TRUMP'S LEGAL TEAM IS A MESS: “Two Trump attorneys — Rudolph W. Giuliani and Jenna Ellis — released a statement abruptly distancing the campaign from a third attorney, Sidney Powell,” Felicia Sonmez and Josh Dawsey report, a development that came just hours after former New Jersey Gov. Chris Christie (R) called Trump's legal team “a national embarrassment.” 

  • What happened: “Two advisers to Trump said that the president disliked the coverage Powell was receiving from Fox News host Tucker Carlson and others and that several allies had reached out to say she had gone too far.”
  • Key quote: “She was too crazy even for the president,” a campaign official told our colleagues. Powell floated a conspiracy theory that included former Venezuelan president Hugo Chávez, who, of course, has been dead since 2013.

THE FINAL COUNTDOWN: The legal team faces another series of setbacks as more states begin to officially certify their results. Michigan's state board of canvassers is set to meet today to certify the results, though the Trump campaign is hoping the two Republican members force a deadlock, Beth Reinhard, Alice Crites and Dalton Bennett report.

Michigan could be interesting: The board has historically always voted unanimously to certify statewide elections, even though its made up of evenly split partisan appointments.

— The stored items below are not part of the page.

(* Assume the penalty $g$ satisfies A1–A4. Then for every $X=[x_1,\dots,x_n]\in\mathbb{R}^{m\times n}$ and every $D\in\mathbb{R}^{m\times d}$, with the norm $\|\cdot\|=\|\cdot\|_{1\to2}$, $$L_X(D)\le\frac1n\sum_{i=1}^n\|x_i\|_2\,\bar g\big(\tfrac12\|x_i\|_2^2\big)=L_X(\bar g),\qquad C_X(D)\le\frac1{2n}\sum_{i=1}^n\big[\bar g(\|x_i\|_2^2/2)\big]^2.$$
   Context: A penalty is a function $g:\mathbb{R}^d\to\mathbb{R}\cup\{+\infty\}$. A1: $g\ge0$; A2: $g$ lower semi-continuous; A3: $g(\alpha)\to+\infty$ as $\|\alpha\|\to\infty$; A4: $g(0)=0$. $\bar g(t)=\sup\{\|\alpha\|_1:\ g(\alpha)\le t\}$. $\mathcal{L}_x(D,\alpha)=\tfrac12\|x-D\alpha\|_2^2+g(\alpha)$, $f_x(D)=\inf_\alpha\mathcal{L}_x(D,\alpha)$. $\|\Delta\|_{1\to2}=\max_j\|\delta_j\|_2$ with dual norm $\|\cdot\|_\star$ (w.r.t. Frobenius inner product). For $\epsilon>0$, $\mathfrak{A}_\epsilon(X,D)=\{A=[\alpha_1,\dots,\alpha_n]:\ \mathcal{L}_{x_i}(D,\alpha_i)\le f_{x_i}(D)+\epsilon\ \forall i\}$; $L_X(D)=\inf_{\epsilon>0}\sup_{A\in\mathfrak{A}_\epsilon(X,D)}\frac1n\|(X-DA)A^\top\|_\star$, $C_X(D)=\inf_{\epsilon>0}\sup_{A\in\mathfrak{A}_\epsilon(X,D)}\frac1{2n}\sum_i\|\alpha_i\|_1^2$. *)

From Stdlib Require Import Reals ClassicalEpsilon.
From mathcomp Require Import all_boot.
Set Implicit Arguments. Unset Strict Implicit. Unset Printing Implicit Defensive.
Open Scope R_scope.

Norman Shinkle, one of the board's current GOP members, has signaled an openness to widely discredited claims about election fraud. The Republican National Committee and the state party want to delay certification for two weeks to allow for an audit in Wayne County, despite the fact the number of ballots being reviewed aren't sufficient to change the outcome.

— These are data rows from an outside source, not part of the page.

(* Let $A$ be a finite set and let $<_1$ and $<_2$ be semi-linear strict partial orders on $A$. If the transitive closure $<_1\bar\cup<_2$ of the union of the relations $<_1$ and $<_2$ is irreflexive, then it is a semi-linear strict partial order.
   Context: A strict partial order on $A$ is a transitive irreflexive relation. A strict partial order $<$ is semi-linear if there is a surjective function $h:A\to\{1,\dots,l\}$ (for some $l$) such that $a<b$ iff $h(a)<h(b)$. *)

From Stdlib Require Import Relations Relation_Operators.
From mathcomp Require Import all_boot.

Definition strict_partial_order {A : Type} (R : A -> A -> Prop) : Prop :=
  (forall a b c, R a b -> R b c -> R a c) /\ (forall a, ~ R a a).

Definition semi_linear {A : Type} (R : A -> A -> Prop) : Prop :=
  strict_partial_order R /\
  exists (l : nat) (h : A -> nat),
    (forall a, 1 <= h a <= l) /\
    (forall k, 1 <= k <= l -> exists a, h a = k) /\
    (forall a b, R a b <-> h a < h b).

Definition rel_union {A : Type} (R1 R2 : A -> A -> Prop) : A -> A -> Prop :=
  fun a b => R1 a b \/ R2 a b.

Definition tc_union {A : Type} (R1 R2 : A -> A -> Prop) : A -> A -> Prop :=
  clos_trans A (rel_union R1 R2).

From Stdlib Require Import Relations Relation_Operators.
From mathcomp Require Import all_boot.
From mathcomp Require Import boolp.

(* A semi-linear order is negatively transitive (a < b implies a < c or c < b),
   and this property passes to unions and to transitive closures.  Conversely,
   on a finite set a negatively transitive strict partial order is semi-linear:
   a < b holds exactly when the down-set of a is strictly smaller than that of
   b, and ranking the distinct down-set sizes yields the surjective level map. *)

Definition negatively_transitive {A : Type} (R : A -> A -> Prop) : Prop :=
  forall a b c, R a b -> R a c \/ R c b.

Lemma semi_linear_negatively_transitive (A : Type) (R : A -> A -> Prop) :
  semi_linear R -> negatively_transitive R.
Proof.
move=> [_ [l [h [_ [_ Rh]]]]] a b c /Rh hab.
case: (ltnP (h a) (h c)) => hac; first by left; apply/Rh.
by right; apply/Rh; apply: leq_ltn_trans hab.
Qed.

Lemma rel_union_negatively_transitive (A : Type) (R1 R2 : A -> A -> Prop) :
  negatively_transitive R1 -> negatively_transitive R2 ->
  negatively_transitive (rel_union R1 R2).
Proof.
move=> n1 n2 a b c [/(n1 _ _ c) | /(n2 _ _ c)] [] ?;
  by [left; left | left; right | right; left | right; right].
Qed.

Lemma clos_trans_negatively_transitive (A : Type) (R : A -> A -> Prop) :
  negatively_transitive R -> negatively_transitive (clos_trans A R).
Proof.
move=> nR a b c /clos_trans_t1n_iff [y aRy | y z aRy yRz].
  by case: (nR _ _ c aRy) => ?; [left | right]; apply: t_step.
case: (nR _ _ c aRy) => ?; first by left; apply: t_step.
by right; apply: t_trans (t_step _ _ _ _ _) (clos_t1n_trans _ _ _ _ yRz).
Qed.

Lemma index_sorted_ltn {s : seq nat} : sorted ltn s ->
  {in s &, forall x y, (x < y) = (index x s < index y s)}.
Proof.
move=> s_lt x y xs ys; apply/idP/idP; last exact: (sorted_ltn_index ltn_trans).
apply: contraTT; rewrite -!leqNgt; apply: (sorted_leq_index leq_trans leqnn) => //.
by apply: sub_sorted s_lt => m n /ltnW.
Qed.

(* The dense ranking of [f]: the position of [f a] among the distinct values of [f]. *)
Lemma dense_rank (A : finType) (f : A -> nat) :
  exists (l : nat) (h : A -> nat),
    (forall a, 1 <= h a <= l) /\
    (forall k, 1 <= k <= l -> exists a, h a = k) /\
    (forall a b, f a < f b <-> h a < h b).
Proof.
pose s := sort leq (undup (map f (enum A))).
have s_lt : sorted ltn s.
  by rewrite ltn_sorted_uniq_leq sort_uniq undup_uniq (sort_sorted leq_total).
have fs a : f a \in s by rewrite mem_sort mem_undup map_f ?mem_enum.
exists (size s), (fun a => (index (f a) s).+1); split; last split.
- by move=> a; rewrite ltnS index_mem fs.
- case=> // k /andP[_ ks].
  have /mapP[a _ fa] : nth 0 s k \in map f (enum A).
    by rewrite -mem_undup -(mem_sort leq) mem_nth.
  by exists a; rewrite -fa index_uniq // (sorted_uniq ltn_trans ltnn).
- by move=> a b; rewrite ltnS (index_sorted_ltn s_lt _ _ (fs a) (fs b)).
Qed.

Section FiniteWeakOrder.

Variables (A : finType) (T : A -> A -> Prop).
Hypotheses (T_spo : strict_partial_order T) (T_neg : negatively_transitive T).

Definition down_set (a : A) : {set A} := [set b | `[< T b a >]].

Lemma down_set_proper a b : T a b -> down_set a \proper down_set b.
Proof.
case: T_spo => T_tr T_irr ab; apply/properP; split.
  by apply/subsetP => c; rewrite !inE => /asboolP ca; apply/asboolP; apply: T_tr ab.
by exists a; rewrite inE; apply/asboolP; [exact: ab | exact: T_irr].
Qed.

Lemma down_set_sub a b : ~ T a b -> down_set b \subset down_set a.
Proof.
move=> nab; apply/subsetP => c; rewrite !inE => /asboolP /(T_neg _ _ a).
by case=> // ca; apply/asboolP.
Qed.

Lemma T_card_down_set a b : T a b <-> #|down_set a| < #|down_set b|.
Proof.
split=> [/down_set_proper/proper_card // | lt_ab].
have [// | /down_set_sub/subset_leq_card] := pselect (T a b).
by rewrite leqNgt lt_ab.
Qed.

Lemma finite_negatively_transitive_semi_linear : semi_linear T.
Proof.
have [l [h [h_range [h_onto h_mono]]]] := @dense_rank _ (fun a => #|down_set a|).
split=> //; exists l, h; do 2!split=> //.
by move=> a b; rewrite T_card_down_set h_mono.
Qed.

End FiniteWeakOrder.

Theorem lemma4p2 (A : finType) (R1 R2 : A -> A -> Prop) :
  semi_linear R1 -> semi_linear R2 ->
  (forall a, ~ tc_union R1 R2 a a) ->
  semi_linear (tc_union R1 R2).
Proof.
move=> S1 S2 irr; apply: finite_negatively_transitive_semi_linear.
- by split=> // a b c; apply: t_trans.
- apply/clos_trans_negatively_transitive/rel_union_negatively_transitive;
  exact: semi_linear_negatively_transitive.
Qed.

  • Should a deadlock occur: Gov. Gretchen Whitmer (D) “could seek to replace some of its members — an action that experts believe could be legally complicated — or obtain a court order requiring the board to certify.”

Pennsylvania is also set to certify: The Keystone State has no statewide certification deadline, but counties must submit their results to Secretary of the Commonwealth Kathy Boockvar (D) by today. Boockvar is then required to certify the election.

  • The Trump campaign was dealt an embarrassing defeat there over the weekend: U.S. District Court Judge Matthew Brann slammed its case as full of “strained arguments and speculative accusations. Brann is an Obama appointee, but he was a former state GOP official and is a member of Federalist Society. Instead of responding with a full-throated appeal, the Trump team is continuing on much narrower grounds, per Politico's Josh Gerstein.

Sen. Pat Toomey (R-Pa.) cited the loss as the end of Trump's legal options in the state:

Global power

WHAT WE LEARNED FROM THE G-20 SUMMIT: “Little was expected of this year's Group of 20 Leaders' Summit. It was a muted affair, presented virtually during a resurgent global pandemic,” Kareem Fahim reports from Istanbul.

  • Even so, as the two-day conference ended Sunday, its organizers hailed it as a success: "A final communique heralded achievements, including an offer of debt relief to developing nations and a commitment to ensuring equitable access to coronavirus treatments. But it also laid out a frightening litany of challenges facing economies and societies that the scaled-back summit, or any global gathering, would be hard-pressed to meet.”

Trump only attended portions of the gathering: “The president left the White House at 11:15 a.m. local time, just as the closing session began, and arrived at his Virginia golf course about 45 minutes later. He participated in a session earlier in the morning on protecting the planet, using the event to criticize the Paris Climate Accord,” the Wall Street Journal's Stephen Kalin reports.

  • He also skipped a Saturday event focused on the pandemic: “Instead, Trump continued the postelection weekend routine he has settled into. He sends out a tweet with a new, empty promise of “fraud” revelations and then heads to his Virginia golf course,” the Times's Annie Karni reports.